Available data:
(* Let $m\ge1$, $N=2^m$, let $\mathcal{A}\subseteq[0,N-1]$ be nonempty and $\mathbf{P}\in\mathbb{F}_2^{N\times N}$ upper triangular with unit diagonal. Then $\mathcal{C}_{\mathbf{P}\boldsymbol{G}_N}(\mathcal{A})\subset\mathcal{C}_{\boldsymbol{G}_N}([\min(\mathcal{A}),N-1])$.
   Context: $[\ell,u]=\{\ell,\dots,u\}$. $\boldsymbol{G}_N=\begin{pmatrix}1&0\\1&1\end{pmatrix}^{\otimes m}$ over $\mathbb{F}_2$, rows/columns indexed by $0,\dots,N-1$; $\mathcal{C}_{\mathbf{B}}(\mathcal{S})$ is the code spanned by the rows of $\mathbf{B}$ indexed by $\mathcal{S}$. *)

From mathcomp Require Import all_boot all_algebra.
From mathcomp Require Import mxtens.
Set Implicit Arguments. Unset Strict Implicit. Unset Printing Implicit Defensive.
Import GRing.Theory.
Local Open Scope ring_scope.

Definition Fker : 'M['F_2]_2 := \matrix_(i < 2, j < 2) (if (j <= i)%N then 1 else 0).

(* G_N = F^{(x) m}, N = 2^m, standard Kronecker power (row index i1*2^(m-1)+i2) *)
Definition GN (m : nat) : 'M['F_2]_(2 ^ m) := ntensmx Fker m.

Definition code {N : nat} (B : 'M['F_2]_N) (S : {set 'I_N}) : 'M['F_2]_N :=
  (\sum_(i in S) <<row i B>>)%MS.

Definition upper_unitriangular {N : nat} (P : 'M['F_2]_N) : Prop :=
  (forall i j : 'I_N, (j < i)%N -> P i j = 0) /\ (forall i : 'I_N, P i i = 1).

From mathcomp Require Import all_boot all_algebra.
From mathcomp Require Import mxtens.
Import GRing.Theory.
Local Open Scope ring_scope.

(* Row i of P B is the combination sum_j P i j (row j B), and P i j = 0 for
   j < i.  So every generator of the left-hand code is spanned by rows j >= i
   >= min A of B.  Neither the Kronecker structure of G_N, nor m >= 1, nor the
   unit diagonal of P plays any role. *)

Section RowSupport.

Variables (F : fieldType) (m n : nat).

Lemma row_mul_sub_support (P : 'M[F]_m) (B : 'M[F]_(m, n)) (i : 'I_m)
    (S : {set 'I_m}) :
  (forall j, P i j != 0 -> j \in S) ->
  (row i (P *m B) <= \sum_(j in S) <<row j B>>)%MS.
Proof.
move=> suppS; rewrite row_mul mulmx_sum_row; apply/summx_sub => j _.
rewrite mxE; have [jS | jNS] := boolP (j \in S).
  by apply/scalemx_sub/(sumsmx_sup j jS); rewrite genmxE.
have /eqP -> : P i j == 0 by apply: contraNT jNS; apply: suppS.
by rewrite scale0r sub0mx.
Qed.

End RowSupport.

Theorem lemma1 (m : nat) (hm : (1 <= m)%N) (A : {set 'I_(2 ^ m)})
  (a0 : 'I_(2 ^ m)) (ha0 : a0 \in A) (hmin : forall a, a \in A -> (a0 <= a)%N)
  (P : 'M['F_2]_(2 ^ m)) (hP : upper_unitriangular P) :
  (code (P *m GN m) A <= code (GN m) [set i : 'I_(2 ^ m) | (a0 <= i)%N])%MS.
Proof.
apply/sumsmx_subP => i iA; rewrite genmxE.
apply: row_mul_sub_support => j Pij_neq0; rewrite inE.
apply: leq_trans (hmin i iA) _; rewrite leqNgt.
by apply: contra Pij_neq0 => /(proj1 hP i j) ->.
Qed.
Lemma wmP1A_N m n t z :
  weq (wm (wm (mkP [:: m]) (mkN (n :: t))) z) (wm (mkP [:: m]) (wm (mkN (n :: t)) z)).
Proof.
elim/wordP: z => [c|q u|n' t'].
- rewrite wm_PN // cPN_cons_cons wm_NZ // wm_PN ?size_lastmap //.
  case: t => [|t0 t]; first by rewrite /= (ract1 HM) (bihom_ract Hphi); apply: weq_refl.
  rewrite cPN_nil_cons wm_NZ // lastmap_cons2 cPN_cons_cons cPN_nil ?size_lastmap //.
  by rewrite firstmap_lastmap; [apply: weq_refl | move=> v; rewrite (lractA HM')].
- rewrite wm_PN // cPN_cons_cons (ract1 HM) wm_NP //; case: t => [|t0 t].
    apply: weq_sym; apply: weq_trans (wmP1_cNP1 _ _ _ _) _.
    by rewrite mulr1; apply: weq_refl.
  by rewrite cPN_nil_cons wm_NP // rev_cons2_cat rev_cons_cat; apply: weq_sym; apply: wmP1_cNP.
- rewrite wm_PN // cPN_cons_cons wm_NN // wm_PN // cat_cons cPN_cons_cons.
  by case: t => [|t0 t]; apply: weq_refl.
Qed.

Lemma wmP1A m y z : weq (wm (wm (mkP [:: m]) y) z) (wm (mkP [:: m]) (wm y z)).
Proof.
elim/wordP: y => [b|n t|n t]; [exact: wmP1A_Z | rewrite wmP1A_P; exact: weq_refl | exact: wmP1A_N].
Qed.
End Positive.

Section Product.
Variables (K : fieldType) (A : falgType K) (M M' : lmodType K).
Variables (lM : A -> M -> M) (rM : M -> A -> M) (lM' : A -> M' -> M') (rM' : M' -> A -> M').
Variables (phi : M -> M' -> A) (psi : M' -> M -> A).
Hypotheses (HM : is_bimod lM rM) (HM' : is_bimod lM' rM')
  (Hbond : bonded lM rM lM' rM' phi psi).

Let Hbond' : bonded lM' rM' lM rM psi phi := bonded_swap Hbond.

Local Notation W0' := (@W0 K A M' M).
Local Notation mkP' := (@mkP K A M' M).
Local Notation W0 := (@W0 K A M M').
Local Notation mkP := (@mkP K A M M').
Local Notation mkN := (@mkN K A M M').
Local Notation swap := (@wswap K A M M').
Local Notation wm := (wmul lM rM lM' rM' phi psi).
Local Notation wm' := (wmul lM' rM' lM rM psi phi).
Local Notation weq := (weq lM rM lM' rM').
Local Notation resp := (resp lM rM lM' rM').

Lemma wmr_resp z : resp (wm^~ z).
Proof.
apply: (resp_of_nonneg (G' := wm'^~ (swap z))) => [u|r|r]; first exact: wmul_swap.
  exact: (wmr_resp_nonneg HM HM' Hbond).
exact: (wmr_resp_nonneg HM' HM Hbond').
Qed.

Lemma wmZ_resp a : resp (wm (W0 a)).
Proof.
apply: (resp_of_nonneg (G' := wm' (W0' a))) => [u|r|r]; first exact: wmul_swap.
  exact: (wmZ_resp_nonneg _ _ _ _ HM).
exact: (wmZ_resp_nonneg _ _ _ _ HM').
Qed.

Lemma wmN1_resp m : resp (wm (mkN [:: m])).
Proof.
apply: (resp_unswap (G := wm (mkN [:: m])) (G' := wm' (mkP' [:: m]))) => [u|].
  exact: wmul_swap.
exact: (wmP1_resp HM' HM Hbond').
Qed.

Lemma wmZA a y z : wm (wm (W0 a) y) z = wm (W0 a) (wm y z).
Proof.
elim/wordP: y => [b|m l|m l].
- elim/wordP: z => [c|n t|n t] /=; first by rewrite mulrA.
    by rewrite /lactP (lactM HM).
  by rewrite /lactN (lactM HM').
- exact: (wmZA_pos HM HM' Hbond).
- by apply: (can_inj (@wswapK K A M M')); rewrite !wmul_swap (wmZA_pos HM' HM Hbond').
Qed.

Lemma wmN1A m y z : weq (wm (wm (mkN [:: m]) y) z) (wm (mkN [:: m]) (wm y z)).
Proof. by apply: weq_unswap; rewrite !wmul_swap; exact: (wmP1A HM' HM Hbond'). Qed.


Definition wassoc x := forall y z, weq (wm (wm x y) z) (wm x (wm y z)).

Lemma weq_resp G x y : resp G -> weq x y -> weq (G x) (G y).
Proof. by move=> HG; apply: HG. Qed.

Lemma wassoc_wm g x : wassoc g -> resp (wm g) -> wassoc x -> wassoc (wm g x).
Proof.
move=> Ag Rg Ax y z.
apply: weq_trans (weq_resp (wmr_resp z) (Ag x y)) _.
apply: weq_trans (Ag _ _) _.
apply: weq_trans (weq_resp Rg (Ax y z)) _.
exact: weq_sym (Ag _ _).
Qed.

Lemma resp_wm_wm g x : wassoc g -> resp (wm g) -> resp (wm x) -> resp (wm (wm g x)).
Proof.
move=> Ag Rg Rx; apply: (resp_weq (H := wm g \o wm x)); first exact: Ag.
exact: resp_comp.
Qed.

Lemma wassoc_resp_wm g x : wassoc g /\ resp (wm g) -> wassoc x /\ resp (wm x) ->
  wassoc (wm g x) /\ resp (wm (wm g x)).
Proof. by move=> [Ag Rg] [Ax Rx]; split; [apply: wassoc_wm | apply: resp_wm_wm]. Qed.

Lemma wassoc_resp_P1 m : wassoc (mkP [:: m]) /\ resp (wm (mkP [:: m])).
Proof. by split; [apply: (wmP1A HM HM' Hbond) | apply: (wmP1_resp HM HM' Hbond)]. Qed.

Lemma wassoc_resp_N1 m : wassoc (mkN [:: m]) /\ resp (wm (mkN [:: m])).
Proof. by split; [apply: wmN1A | apply: wmN1_resp]. Qed.

(* Every word of nonzero degree is a product of words of degree [1] or [-1]. *)
Lemma wassoc_resp x : wassoc x /\ resp (wm x).
Proof.
elim/wordP: x => [a|m l|m l].
- by split; [move=> y z; rewrite wmZA; apply: weq_refl | apply: wmZ_resp].
- elim: l m => [|m' l IH] m; first exact: wassoc_resp_P1.
  rewrite -[mkP _](wm_PP lM rM lM' rM' phi psi (l := [:: m])) //.
  exact: wassoc_resp_wm (wassoc_resp_P1 m) (IH m').
- elim: l m => [|m' l IH] m; first exact: wassoc_resp_N1.
  rewrite -[mkN _](wm_NN lM rM lM' rM' phi psi (l := [:: m])) //.
  exact: wassoc_resp_wm (wassoc_resp_N1 m) (IH m').
Qed.

Lemma deg_wm x y : deg (wm x y) = deg x + deg y.
Proof.
elim/wordP: x => [a|m l|m l].
- by elim/wordP: y => [b|n t|n t]; rewrite /= add0r.
- exact: deg_wm_pos.
- have E : deg (wm' (swap (mkN (m :: l))) (swap y)) = deg (swap (mkN (m :: l))) + deg (swap y).
    exact: deg_wm_pos.
  by apply: oppr_inj; move: E; rewrite -wmul_swap !deg_swap opprD.
Qed.

Lemma wm1 w : wm (W0 1) w = w.
Proof.
elim/wordP: w => [b|n t|n t]; first by rewrite /= mul1r.
  by rewrite /= /lactP (lact1 HM).
by rewrite /= /lactN (lact1 HM').
Qed.

Lemma wmr1 w : wm w (W0 1) = w.
Proof.
elim/wordP: w => [b|n t|n t]; first by rewrite /= mulr1.
  by rewrite wm_PZ // lastmap_id // => v; apply: (ract1 HM).
by rewrite wm_NZ // lastmap_id // => v; apply: (ract1 HM').
Qed.

End Product.

Section Lift.
Variables (K : fieldType) (A : falgType K) (M M' : lmodType K).
Variables (lM : A -> M -> M) (rM : M -> A -> M) (lM' : A -> M' -> M') (rM' : M' -> A -> M').
Variable mul : word A M M' -> word A M M' -> word A M M'.

Local Notation fsum := (fsum A M M').
Local Notation span := (inspan lM rM lM' rM').
Local Notation teqv := (teqv lM rM lM' rM').
Implicit Types (s t u d : fsum).

Definition lmul s t : fsum := [seq (p.1 * q.1, mul p.2 q.2) | p <- s, q <- t].

Lemma feval_lmul g s t : feval g (lmul s t) = feval (fun a => feval (fun b => g (mul a b)) t) s.
Proof.
rewrite /feval /lmul big_allpairs_dep /=; apply: eq_bigr => p _.
by rewrite mulr_sumr; apply: eq_bigr => q _ /=; rewrite mulrA.
Qed.

Lemma teqv_span s t d : span d -> (forall w, coef s w - coef t w = coef d w) -> teqv s t.
Proof. by move=> Hd E; apply: (span_coef _ Hd) => w; rewrite coef_cat !coefE feval_opp -!coefE. Qed.

Lemma teqv_coef s t : (forall w, coef s w = coef t w) -> teqv s t.
Proof.
move=> E; apply: (@teqv_span _ _ [::]) => [|w]; last by rewrite E subrr coef_nil.
by apply: span0 => w; rewrite coef_nil.
Qed.

Lemma teqv_trans s1 s2 s3 : teqv s1 s2 -> teqv s2 s3 -> teqv s1 s3.
Proof.
move=> H12 H23; apply: (teqv_span (span_cat H12 H23)) => w.
by rewrite !coef_cat !coefE !feval_opp; ring.
Qed.

Lemma lmulZl k s t : teqv (lmul (fscale k s) t) (fscale k (lmul s t)).
Proof. by apply: teqv_coef => w; rewrite !coefE feval_lmul !feval_scale feval_lmul. Qed.

Lemma lmulZr k s t : teqv (lmul s (fscale k t)) (fscale k (lmul s t)).
Proof.
apply: teqv_coef => w; rewrite !coefE feval_scale !feval_lmul -fevalZ.
by apply: eq_feval => a; rewrite feval_scale.
Qed.

Lemma lmul1 s : (forall w, mul (W0 M M' 1) w = w) -> teqv (lmul (fone A M M') s) s.
Proof.
move=> mul1; apply: teqv_coef => w; rewrite !coefE feval_lmul feval_cons feval_nil.
by rewrite addr0 mul1r; apply: eq_feval => v; rewrite mul1.
Qed.

Lemma lmulr1 s : (forall w, mul w (W0 M M' 1) = w) -> teqv (lmul s (fone A M M')) s.
Proof.
move=> mulr1; apply: teqv_coef => w; rewrite !coefE feval_lmul.
by apply: eq_feval => v; rewrite feval_cons feval_nil addr0 mul1r mulr1.
Qed.

Hypotheses (mul_respl : forall x, resp lM rM lM' rM' (mul x))
  (mul_respr : forall z, resp lM rM lM' rM' (mul^~ z)).

Lemma lmul_spanl d t : span d -> span (lmul d t).
Proof.
move=> Hd; apply: (span_comb (L := [seq (q.1, mapw (mul^~ q.2) d) | q <- t])).
  by move=> l /mapP [q _ ->]; apply: mul_respr.
move=> w; rewrite big_map coefE feval_lmul /feval.
rewrite (eq_bigr (fun p => \sum_(q <- t) p.1 * (q.1 * (mul p.2 q.2 == w)%:R))); last first.
  by move=> p _; rewrite mulr_sumr.
rewrite exchange_big; apply: eq_bigr => q _.
by rewrite coefE feval_mapw /feval mulr_sumr; apply: eq_bigr => p _ /=; ring.
Qed.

Task prompt: The lines to copy are those above that contain "have".

Expected answer:
rewrite mxE; have [jS | jNS] := boolP (j \in S).
have /eqP -> : P i j == 0 by apply: contraNT jNS; apply: suppS.
- have E : deg (wm' (swap (mkN (m :: l))) (swap y)) = deg (swap (mkN (m :: l))) + deg (swap y).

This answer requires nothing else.